Firstly, and it may seem unbelievable to you at first sight, threading uses multiple threads whereas asyncio uses only one. For threading, it is easier to understand because the threads take turns to run the code and thus achieve concurrency. But how is it possible to achieve concurrency with a single thread?

Well, threading achieves concurrency with pre-emptive multitasking which means we cannot determine when to run which code in which thread. It’s the operating system that determines which code should be run in which thread. The control can be switched at any point between threads by the operating system. This is why we often see random results with threading.

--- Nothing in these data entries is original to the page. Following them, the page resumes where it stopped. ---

(* Optimal group k-sparse decomposition of v = h_{N \ L0} w.r.t. NA.
   Ls = [:: Lambda_1; ...; Lambda_s] (0-based in the list). The residual
   r_{i+1} = v - sum_{j<i} v_{Lambda_{j+1}} (0-based i). *)
Definition residual h L0 (Ls : seq {set 'I_n}) (i : nat) : 'cV[R]_n :=
  restrict h (~: L0) - \sum_(j < i) restrict (restrict h (~: L0)) (nth set0 Ls j).

Definition opt_decomp P (k : nat) (NA : 'cV[R]_n -> R) h L0
    (Ls : seq {set 'I_n}) : Prop :=
  [/\ forall i, (i < size Ls)%N -> gsparse P k (nth set0 Ls i) /\
                                  nth set0 Ls i \subset ~: L0,
      forall i j, (i < size Ls)%N -> (j < size Ls)%N -> i <> j ->
                  [disjoint nth set0 Ls i & nth set0 Ls j],
      \bigcup_(L <- Ls) L = ~: L0
    & forall i, (i < size Ls)%N -> forall L, gsparse P k L ->
        L \subset ~: (L0 :|: \bigcup_(j < i) nth set0 Ls j) ->
        NA (residual h L0 Ls i - restrict (residual h L0 Ls i) (nth set0 Ls i))
          <= NA (residual h L0 Ls i - restrict (residual h L0 Ls i) L)].

Definition GRIP P (t : nat) m (A : 'M[R]_(m, n)) (delta : R) : Prop :=
  forall z : 'cV[R]_n, (exists L, gsparse P t L /\ supp z \subset L) ->
    (1 - delta) * norm2 z ^+ 2 <= norm2 (A *m z) ^+ 2 /\
    norm2 (A *m z) ^+ 2 <= (1 + delta) * norm2 z ^+ 2.

End GroupSparse.

From HB Require Import structures.
From mathcomp Require Import all_boot all_order all_algebra.
From mathcomp Require Import reals.
From mathcomp Require Import ring lra zify.
Import Order.TTheory GRing.Theory Num.Theory.
Local Open Scope ring_scope.

Set Implicit Arguments. Unset Strict Implicit. Unset Printing Implicit Defensive.

(* Let h = xh - x, let L0 attain sigma, and let L1, L2, ... be an optimal
   decomposition of h off L0 (one is built greedily); put T = L0 :|: L1.
   Minimality of NP xh and gamma-decomposability of NP give the cone constraint
   NA h_{~L0} <= r NA h_{L0} + r (1 + gamma) sigma.  The GRIP, applied to h_T
   and, by polarization, to the pairs (h_{L0}, h_{Lj}) and (h_{L1}, h_{Lj}),
   bounds (1 - delta) |h_T| by 2 eps sqrt(1 + delta) + sqrt 2 delta times the
   tail sum, which is at most NA h_{~L0} / f by the choice of f; finally
   NA h_{L0} <= d |h_T|.  Solving these linear inequalities bounds |h_T| and
   the tail, hence |h| and NA h. *)

Section Dotp.
Variables (R : realType) (p : nat).
Implicit Types (u v w : 'cV[R]_p).

Definition dotp u v : R := \sum_i u i ord0 * v i ord0.

Lemma dotpC u v : dotp u v = dotp v u.
Proof. by apply: eq_bigr => i _; rewrite mulrC. Qed.

Lemma dotpDr u v w : dotp u (v + w) = dotp u v + dotp u w.
Proof. by rewrite /dotp -big_split; apply: eq_bigr => i _; rewrite mxE mulrDr. Qed.
(* For every $\delta\in\mathbb N$, there exist $\varepsilon > 0$ and a blowup $H$ of a 7-cycle with minimum degree at least $\delta$ such that $\sum_{v\in V(H)}1/(d(v) + \varepsilon) > 3$.
   Context: A blowup of a graph $F$ is a graph obtained from $F$ by replacing some vertices with cliques and replacing each edge by the complete bipartite graph between the corresponding vertex sets (i.e., vertices $x$ of $F$ are replaced by pairwise disjoint nonempty cliques $Q_x$, and for each edge $xy$ of $F$ every vertex of $Q_x$ is adjacent to every vertex of $Q_y$, with no other edges). $d(v)$ is the degree of $v$ in $H$. *)

From mathcomp Require Import all_boot all_order all_algebra.
From mathcomp Require Import reals.
Set Implicit Arguments. Unset Strict Implicit. Unset Printing Implicit Defensive.

Definition C7adj (x y : 'I_7) : bool :=
  ((x.+1 %% 7) == y) || ((y.+1 %% 7) == x).

(* (T, e) is a blowup of C7 with blowup map f: vertex x of C7 is replaced by
   the nonempty clique Q_x = f^-1(x) (f surjective); two distinct vertices
   u, v of H are adjacent iff they lie in the same clique or in cliques
   Q_x, Q_y with xy an edge of C7. *)
Definition is_blowup_C7 (T : finType) (e : rel T) (f : T -> 'I_7) : Prop :=
  (forall x : 'I_7, exists v : T, f v = x) /\
  (forall u v : T, e u v = (u != v) && ((f u == f v) || C7adj (f u) (f v))).

Definition deg (T : finType) (e : rel T) (v : T) : nat := #|[set u | e v u]|.

(** The blowup of C7 with cliques of size n on the vertices 0, 2, 4 and single
    vertices elsewhere has 3n + 2 vertices of degree n + 1 and two vertices of
    degree 2n, so that sum_v 1/d(v) = 3 - 1/(n+1) + 1/n > 3.  The strict
    inequality survives a perturbation eps <= 1/(4n) of the degrees. *)
From mathcomp Require Import all_boot all_order all_algebra.
From mathcomp Require Import reals.
From mathcomp Require Import ring lra zify.
Import Order.TTheory GRing.Theory Num.Theory.

Set Implicit Arguments.
Unset Strict Implicit.
Unset Printing Implicit Defensive.

Section Blowup.
Variables (I : finType) (adj : rel I) (a : I -> nat).

Definition blowup : finType := {i : I & 'I_(a i)}.

Definition blowup_rel : rel blowup :=
  fun u v => (u != v) && ((tag u == tag v) || adj (tag u) (tag v)).

Definition closed_nbhd (x i : I) : bool := (x == i) || adj x i.

Lemma sum_blowup {R : Type} {idx : R} (op : Monoid.com_law idx) (F : I -> R) :
  \big[op/idx]_(v : blowup) F (tag v) = \big[op/idx]_(i : I) \big[op/idx]_(j < a i) F i.
Proof. exact: (esym (@sig_big_dep _ _ op I _ xpredT (fun _ _ => true) (fun i _ => F i))). Qed.

Lemma card_blowup_preim (P : pred I) :
  #|[set u : blowup | P (tag u)]| = \sum_(i | P i) a i.
Proof.
rewrite -sum1_card big_mkcond /=.
under eq_bigr do rewrite inE.
rewrite (sum_blowup addn (fun i => if P i then 1 else 0)%N).
rewrite [RHS]big_mkcond; apply: eq_bigr => i _.
by rewrite sum_nat_const card_ord; case: (P i); rewrite ?muln1 ?muln0.
Qed.

Lemma deg_blowup (v : blowup) :
  deg blowup_rel v = (\sum_(i | closed_nbhd (tag v) i) a i).-1.
Proof.
rewrite /deg; have -> : [set u | blowup_rel v u] = [set u | closed_nbhd (tag v) (tag u)] :\ v.
  by apply/setP => u; rewrite !inE eq_sym.
by rewrite -card_blowup_preim (cardsD1 v [set u | _]) inE /closed_nbhd eqxx.
Qed.
End Blowup.

Arguments blowup_rel {I} adj a.

Lemma is_blowup_C7_blowup (a : 'I_7 -> nat) :
  (forall x, 0 < a x)%N -> is_blowup_C7 (blowup_rel C7adj a) tag.
Proof. by move=> a_gt0; split=> // x; exists (Tagged (fun i => 'I_(a i)) (Ordinal (a_gt0 x))). Qed.

Definition c7_sizes (n : nat) (i : 'I_7) : nat := if val i \in [:: 0; 2; 4] then n else 1.

Definition c7_deg (n : nat) (i : 'I_7) : nat := if val i \in [:: 1; 3] then n.*2 else n.+1.

Lemma deg_c7_blowup (n : nat) (v : blowup (c7_sizes n)) :
  deg (blowup_rel C7adj (c7_sizes n)) v = c7_deg n (tag v).
Proof.
rewrite deg_blowup big_mkcond /= !big_ord_recl big_ord0.
case: v => [[[|[|[|[|[|[|[|k]]]]]]] lt_k7] _] //=;
  by rewrite /closed_nbhd /C7adj /c7_sizes /c7_deg /=; lia.
Qed.

Local Open Scope ring_scope.

(* Clearing denominators leaves the margin 2 - (6n - 1) eps - 3 eps^2. *)
Lemma three_lt_weighted_inverses (R : realFieldType) (n eps : R) :
  1 <= n -> 0 < eps -> eps * n <= 1 / 4 ->
  3 < (3 * n + 2) / (n + 1 + eps) + 2 / (2 * n + eps).
Proof.
move=> n_ge1 eps_gt0 eps_small.
have p_gt0 : 0 < n + 1 + eps by lra.
have q_gt0 : 0 < 2 * n + eps by lra.
by rewrite addf_div ?gt_eqF // ltr_pdivlMr ?mulr_gt0 //; nra.
Qed.

Lemma sum_inv_deg_c7_blowup (R : realFieldType) (n : nat) (eps : R) : 0 < eps ->
  \sum_(v : blowup (c7_sizes n)) 1 / ((deg (blowup_rel C7adj (c7_sizes n)) v)%:R + eps)
  = (3 * n%:R + 2) / (n%:R + 1 + eps) + 2 / (2 * n%:R + eps).
Proof.
move=> eps_gt0; under eq_bigr do rewrite deg_c7_blowup.
rewrite (sum_blowup _ +%R (fun i => 1 / ((c7_deg n i)%:R + eps))).
under eq_bigr do rewrite sumr_const card_ord.
rewrite !big_ord_recl big_ord0 /c7_sizes /c7_deg /= -muln2; field.
have n_ge0 : 0 <= n%:R :> R := ler0n _ n.
by rewrite !gt_eqF //; lra.
Qed.

Theorem proposition4p3 (R : realType) (delta : nat) :
  exists eps : R, 0 < eps /\
  exists (T : finType) (e : rel T) (f : T -> 'I_7),
    is_blowup_C7 e f /\
    (forall v : T, (delta <= deg e v)%N) /\
    3 < \sum_(v : T) 1 / ((deg e v)%:R + eps).
Proof.
pose n := delta.+1; pose eps : R := (4 * n%:R)^-1.
have n_ge1 : 1 <= n%:R :> R by rewrite ler1n.
have eps_gt0 : 0 < eps by rewrite invr_gt0; lra.
have eps_n : eps * n%:R = 1 / 4 by rewrite /eps; field; rewrite pnatr_eq0.
exists eps; split => //.
exists (blowup (c7_sizes n)), (blowup_rel C7adj (c7_sizes n)), tag.
split; [|split].
- by apply: is_blowup_C7_blowup => x; rewrite /c7_sizes; case: ifP.
- by move=> v; rewrite deg_c7_blowup /c7_deg; case: ifP => _; lia.
rewrite sum_inv_deg_c7_blowup //.
by apply: three_lt_weighted_inverses n_ge1 eps_gt0 _; rewrite eps_n.
Qed.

This post can be helpful if you want to learn more about threading.

On the other hand, asyncio achieves concurrency with cooperative multitasking. We can decide which part of the code can be awaited and thus the control be switched to run other parts of the code. The tasks need to cooperate and announce when the control will be switched out. And all this is done in a single thread with the await command. It may seem elusive now but will be much clearer when we see the code later.

What is coroutine?

This is a fancy and also exotic name in asyncio. It is not easy to explain what it is. Many tutorials don’t explain this concept at all and just show you what it is with some code. However, let’s try to understand what it is first.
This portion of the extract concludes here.